In the action plan on the one hand numerous existing measures are once again summarised, things we have already been able to do for some time, but evidently have not done. Arrest recruiters, take away passports, use the criminal law to prosecute those who sow hatred. On the other hand measure are announced of which it is unclear whether they are necessary and effective.

Is it true that the government wants to deprive people of their citizenship without due process of law? Is the government of the opinion that this will contribute to a safer and more social Netherlands, or will it have precisely the opposite effect? Why are we going to collect all of the flight data on all citizens?  By doing so you won’t catch any terrorists, but undermine our privacy and the rule of law.

By imposing draconian measures which affect all citizens – such as the travel register – or with constitutionally dubious proposals (such as removing someone’s citizenship without their having been convicted of a criminal offence), the government is displaying its lack of power and attempting to cover up the fact that for all of this time it has done far too little to address these problems.

I think it’s great that the government will now give more space to the police and the Public Prosecutor to tackle the Jihadists. But the fact that the government wants to throw sand in our eyes doesn’t help, as they did yesterday when they allowed it to be leaked that twenty million less than planned would be cut from the latter’s budget. This leaves a structural spending cut of 114 million, eighty million for next year. Can the minister confirm these figures? How is the Public Prosecutor supposed to create more space with 114 million less? What other tasks will they then have to neglect? Or is this all just fine words, without deeds?

How does the government square this approach to radicalisation with the mess in the youth service, where friend and foe can see that soon still more young people will fall between a rock and a hard place? Can you explain this?

The government has sent Parliament a list of proposals without any analysis, without giving any views. Nothing about the causes of radicalisation, nothing about poor integration or growing segregation. Why not? Will we receive such, and if so when?   Nothing either on the question of why some Dutch people hate their own country so profoundly and why they decide to go to Syria or Iraq on an uncertain adventure.  On how it has come about that some people are susceptible to brute force and to such a bestial ideology. Is the government prepared to look more closely into this?

There are many mosques which support our fight against ISIS terror, as is shown by our joint declaration, in which churches, trade unions, mosques and many others speak out against extremism and in favour of mutual solidarity. But there are unfortunately also mosques financed from Qatar, a breeding ground for this terror. Is the government prepared to make this financing visible and to bring forward proposals to stop this?

Some people have crossed the point of no return, if they have gone to fight for ISIS and have been trained for the Jihad.

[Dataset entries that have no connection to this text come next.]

Lemma layer_uniq k k' g : layer k g -> layer k' g -> k = k'.
Proof.
move=> Lk Lk'; case: (ltngtP k k') => // kk'.
  by case: (layer_hole Lk' kk').
by case: (layer_hole Lk kk').
Qed.

Lemma eta_layer m g : layer m g -> eta g = alpha r m.+1.
Proof.
move=> Lg; rewrite /Defs.eta (@xget_unique _ 0%N _ m) //.
  by split=> // k Lk; rewrite (layer_uniq Lg Lk).
by move=> k [Lk _]; apply: layer_uniq Lk Lg.
Qed.

Lemma J_layer_Gam m j c : J m j -> Gam m c -> layer m (j * c) -> Gam m.+1 c.
Proof.
move=> Jj Gc [j' [x [Jj' Gx E]]].
have j'j : j' = j.
  apply: transversal_eq (J_D Jj') (J_D Jj) _.
  have -> : j'^-1 * j = x * c^-1 by rewrite -(mulgK c j) E -!mulgA mulKg.
  by apply: GamM (Gam_subset (leqnSn m) Gx) (GamV Gc).
by move: E; rewrite j'j => /mulgI ->.
Qed.

Lemma hole_next m j t : J m j -> Gam m t -> ~ Gam m.+1 t -> hole m.+1 (j * t).
Proof.
move=> Jj Gt NGt; apply/holeS; split; first exact/hole_mulr/J_hole.
by move/(J_layer_Gam Jj Gt).
Qed.

Lemma hole_deeper d m g : hole m g -> exists2 z, Gam m (g^-1 * z) & hole (m + d) z.
Proof.
elim: d m g => [|d IH] m g Hg; first by exists g; rewrite ?addn0 // mulVg; apply: Gam1.
have [j [c [Jj Gc ->]]] := proj1 (holeP _ _) Hg.
have [t Gt NGt] := Gam_strict m.
have [z Gz Hz] := IH _ _ (hole_next Jj Gt NGt).
exists z; last by rewrite addnS -addSn.
have -> : (j * c)^-1 * z = c^-1 * t * ((j * t)^-1 * z) by rewrite !invgM !mulgA mulgK.
by apply: GamM; [apply: GamM; first apply: GamV|apply: (Gam_subset (leqnSn m))].
Qed.

Lemma J_nonempty m : exists j, J m j.
Proof.
have hole0 : hole 0 one by move=> k; rewrite ltn0.
have [z _ /holeP [j [c [Jj _ _]]]] := hole_deeper m hole0.
by exists j.
Qed.

Lemma hole_two_layers m q : hole m q ->
  exists c1 c2, [/\ Gam m c1, Gam m c2, layer m (c1 * q) & layer m.+1 (c2 * q)].
Proof.
move=> /holeP [h [d [Jh Gd ->]]].
have [t Gt NGt] := Gam_strict m.
have [j [e [Jj Ge Ejt]]] := proj1 (holeP _ _) (hole_next Jh Gt NGt).
exists (h * d^-1 * h^-1), (j * (h * d)^-1); split.
- by apply/GamJ/GamV.
- have -> : j * (h * d)^-1 = h * (t * e^-1 * d^-1) * h^-1.
    have -> : j = h * t * e^-1 by rewrite Ejt mulgK.
    by rewrite invgM !mulgA.
  apply: GamJ; apply: GamM; last exact: GamV.
  by apply: GamM => //; apply/GamV/(Gam_subset (leqnSn m)).
- by rewrite !mulgA mulgVK mulgVK; apply: J_layer.
- by rewrite mulgVK; apply: J_layer.
Qed.

Local Notation X := (Xsub mul inv one Gam D r).

Lemma D_subset K K' : (K <= K')%N -> D K `<=` D K'.
Proof.
move=> /subnK <-; elim: (K' - K)%N => [|k IH] //= h /IH.
by rewrite addSn; apply: HDinc.
Qed.

Lemma D_cover_seq (s : seq G) : exists K, {in s, forall h, D K h}.
Proof.
elim: s => [|g s [K Ks]]; first by exists 0%N.
have [K' _ DK'g] : (\bigcup_i D i) g by rewrite HDcup.
exists (maxn K K') => h /predU1P [->|hs]; first exact: D_subset (leq_maxr K K') _ _.
exact: D_subset (leq_maxl K K') _ (Ks h hs).
Qed.

Lemma D_enum K : exists s : seq G, forall h, D K h <-> h \in s.
Proof. by have [s Ds] := proj1 (finite_seqP _) (HDfin K); exists s => h; rewrite Ds. Qed.

Definition follows m (x : Omega G) u := forall K,
  exists2 g, Gam m (u^-1 * g) & forall h, D K h -> x h = eta (g^-1 * h).

Lemma follows_subset m m' x u : (m <= m')%N -> follows m' x u -> follows m x u.
Proof. by move=> mm' Fx K; have [g Gg xg] := Fx K; exists g; first exact: Gam_subset Gg. Qed.

Lemma follows_ex m x : X x -> exists2 u, D m u & follows m x u.
Proof.
(* Otherwise each of the finitely many cosets uΓ_m, u ∈ D_m, fails on some window, hence
   all of them fail on a common window, on which x agrees with some translate of η. *)
move=> Xx; apply: contrapT => Nf; have [s sD] := D_enum m.
have [K0 Bad] : exists K, forall u, u \in s ->
    ~ exists2 g, Gam m (u^-1 * g) & forall h, D K h -> x h = eta (g^-1 * h).
  apply: uniform_bound => [u K K' KK' NK [g Gg xg]|u /sD Du].
    by apply: NK; exists g => // h /(D_subset KK'); apply: xg.
  apply: contrapT => Nu; apply: Nf; exists u => // K.
  by apply: contrapT => NK; apply: Nu; exists K.
have [s0 s0D] := D_enum K0; have [g xg] := orbit_closure_agree Xx s0.
have [u Du Gug] := transversal_ex m g.
by apply: (Bad u (proj1 (sD u) Du)); exists g => // h /s0D /xg.
Qed.

Lemma D_layer_J k d : D k.+1 d -> layer k d -> J k d.
Proof.
move=> Dd [j [g [Jj Gg Ed]]]; subst d.
have -> // : j * g = j.
by apply: esym; apply: (transversal_eq (HDinc (J_D Jj)) Dd); rewrite mulKg.
Qed.

Lemma layer_coset k c w x : Gam k.+1 (w^-1 * c) ->
  layer k (c * x) <-> layer k (w * x).
Proof.
move=> Gwc; have E : c * x = w * x * (x^-1 * (w^-1 * c) * x).
  by rewrite !mulgA mulgK mulgV mul1g.
have Gx := GamJV x Gwc.
by rewrite E; split=> [/(layer_mulr (GamV Gx))|]; rewrite ?mulgK //; apply: layer_mulr.
Qed.

(** * Periodic parts at level n *)

Section Periods.
Hypothesis Hr : (1 < r)%N.
Variable n : nat.
Hypothesis Hn : (1 <= n)%N.
Local Notation Per_eta a := (Per mul eta (Gam n) a).

Lemma Per_mull (x : Omega G) a c p :
  Gam n c -> Per mul x (Gam n) a p -> Per mul x (Gam n) a (c * p).
Proof. by move=> Gc Pp c' Gc'; rewrite mulgA; apply/Pp/GamM. Qed.

Lemma Per_mullE (x : Omega G) a c p :
  Gam n c -> Per mul x (Gam n) a (c * p) -> Per mul x (Gam n) a p.
Proof. by move=> Gc; rewrite -{2}(mulKg c p); apply/Per_mull/GamV. Qed.

Lemma layer_Per_eta k g : (k < n)%N -> layer k g -> Per_eta (alpha r k.+1) g.
Proof. by move=> kn Lg c Gc; apply/eta_layer/layer_mull/Lg/(Gam_subset kn). Qed.

Lemma hole_Per_eta q a : hole n q -> ~ Per_eta a q.
Proof.
move=> /hole_two_layers [c1 [c2 [Gc1 Gc2 Lc1 Lc2]]] Pq.
apply: (@alpha_succ_neq r n Hr).
by rewrite -(eta_layer Lc1) -(eta_layer Lc2) (Pq _ Gc1) (Pq _ Gc2).
Qed.

Lemma Per_eta_stable_Gam s :
  (forall a, (1 <= a <= r)%N -> forall p, Per_eta a p -> Per_eta a (s * p)) ->
  Gam n s.
Proof.
(* If s leaves the chain at level k < n, then s j is a hole at level k.+1 for j ∈ J(k).
   Deepening it to a hole z at level n inside s jΓ_{k+1} ⊆ s (layer k), invariance under s
   gives z the Γ_n-periodic value α_{k+1}, which no hole has. *)
move=> Ss; apply: contrapT => /Gam_drop [k [kn Gs NGs]].
have [j Jj] := J_nonempty k.
have Hsj : hole k.+1 (s * j).
  have -> : s * j = j * (j^-1 * s * j) by rewrite -!mulgA mulVKg.
  apply: hole_next => //; first exact: GamJV.
  by move=> /(GamJ j); rewrite !mulgA mulgV mul1g mulgK.
have [z Gz Hz] := hole_deeper (n - k.+1) Hsj; rewrite subnKC // in Hz.
apply: (hole_Per_eta (a := alpha r k.+1) Hz).
rewrite -(mulVKg (s * j) z) -mulgA; apply: Ss; first exact/alpha_range/ltnW.
by apply/layer_Per_eta/layer_mulr/J_layer.
Qed.

Local Notation sigma := (sigma_act mul inv).
Local Notation Cn := (Cn mul inv one Gam D r n).

Lemma follows_Per_eta x u a p :
  follows n x u -> Per_eta a (u^-1 * p) -> Per mul x (Gam n) a p.
Proof.
move=> Fx Pp c Gc; have [K Kcp] := D_cover_seq [:: c * p].
have [g Gug xg] := Fx K; rewrite xg; last exact/Kcp/mem_head.
have -> : g^-1 * (c * p) = (u^-1 * g)^-1 * (u^-1 * c * u) * (u^-1 * p).
  by rewrite invgM invgK !mulgA mulgK mulgK.
by apply: Pp; apply: GamM (GamV Gug) (GamJV u Gc).
Qed.

(* Level n.+2 makes g^-1 u preserve both layers n and n.+1 given by hole_two_layers. *)
Lemma follows_hole_not_Per x u a p :
  follows n.+2 x u -> hole n (u^-1 * p) -> ~ Per mul x (Gam n) a p.
Proof.
move=> Fx /hole_two_layers [c1 [c2 [Gc1 Gc2 L1 L2]]] Pp.
set s := [:: u * c1 * u^-1 * p; u * c2 * u^-1 * p].
have [K Ks] := D_cover_seq s; have [g Gug xg] := Fx K.
have Ggu : Gam n.+2 (g^-1 * u) by have := GamV Gug; rewrite invgM invgK.
have xa k c : (k <= n.+1)%N -> Gam n c -> layer k (c * (u^-1 * p)) ->
    u * c * u^-1 * p \in s -> alpha r k.+1 = a.
  move=> kn Gc Lk /Ks /xg; rewrite -(Pp _ (GamJ u Gc)) => ->.
  have -> : g^-1 * (u * c * u^-1 * p) = g^-1 * u * (c * (u^-1 * p)) by rewrite !mulgA.
  by apply/esym/eta_layer/layer_mull/Lk/(Gam_subset _ Ggu).
apply: (@alpha_succ_neq r n Hr).
by rewrite (xa n c1) ?(xa n.+1 c2) ?inE ?eqxx ?orbT.
Qed.

Lemma Per_follows x u a p :
  follows n.+2 x u -> Per mul x (Gam n) a p -> Per_eta a (u^-1 * p).
Proof.
move=> Fx Pp; case: (pselect (hole n (u^-1 * p))) => [Hq|].
  by case: (follows_hole_not_Per Fx Hq Pp).
move=> /existsNP [k /not_implyP [kn /contrapT Lk]].
have Pk := layer_Per_eta kn Lk; suff -> : a = alpha r k.+1 by [].
have [K Kp] := D_cover_seq [:: p]; have [g Gug xg] := Fx K.
rewrite -(Pp one Gam1) mul1g xg; last exact/Kp/mem_head.
have -> : g^-1 * p = g^-1 * u * (u^-1 * p) by rewrite mulgA mulgK.
apply: Pk; have := GamV Gug; rewrite invgM invgK; apply: Gam_subset.
exact: leqW.
Qed.

Lemma X_Per_translate x : X x -> exists u, follows n.+2 x u /\
  forall a p, Per mul x (Gam n) a p <-> Per_eta a (u^-1 * p).
Proof.
move=> Xx; have [u _ Fx] := follows_ex n.+2 Xx; exists u; split=> // a p.
by split; [apply: Per_follows|apply/follows_Per_eta/(follows_subset (leqW (leqnSn n)) Fx)].
Qed.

These people remain when they come back an explosive danger. Fortunately most young people who sympathise with ISIS have not yet gone that far.

The government had a plan against radicalisation from which it can be seen that we could already be doing so much. The government must show that they are indeed doing that. But can the government also explain what this raging fire means for the integration policy?

When will we see the government’s plans to prevent further segregation in some neighbourhoods and further isolation of some young people?

We must be tough on extremism but not without looking at its causes and doing something about its breeding grounds.  
Extremism will always exist, but the question is how much of a chance you give it to propagate.
At the same time we must strengthen solidarity and mutual sympathy between different population groups. Here and internationally.

You don’t after all fight hate with hate, just as you cannot protect the important values of an open and free society by destroying these same values and our rule of law.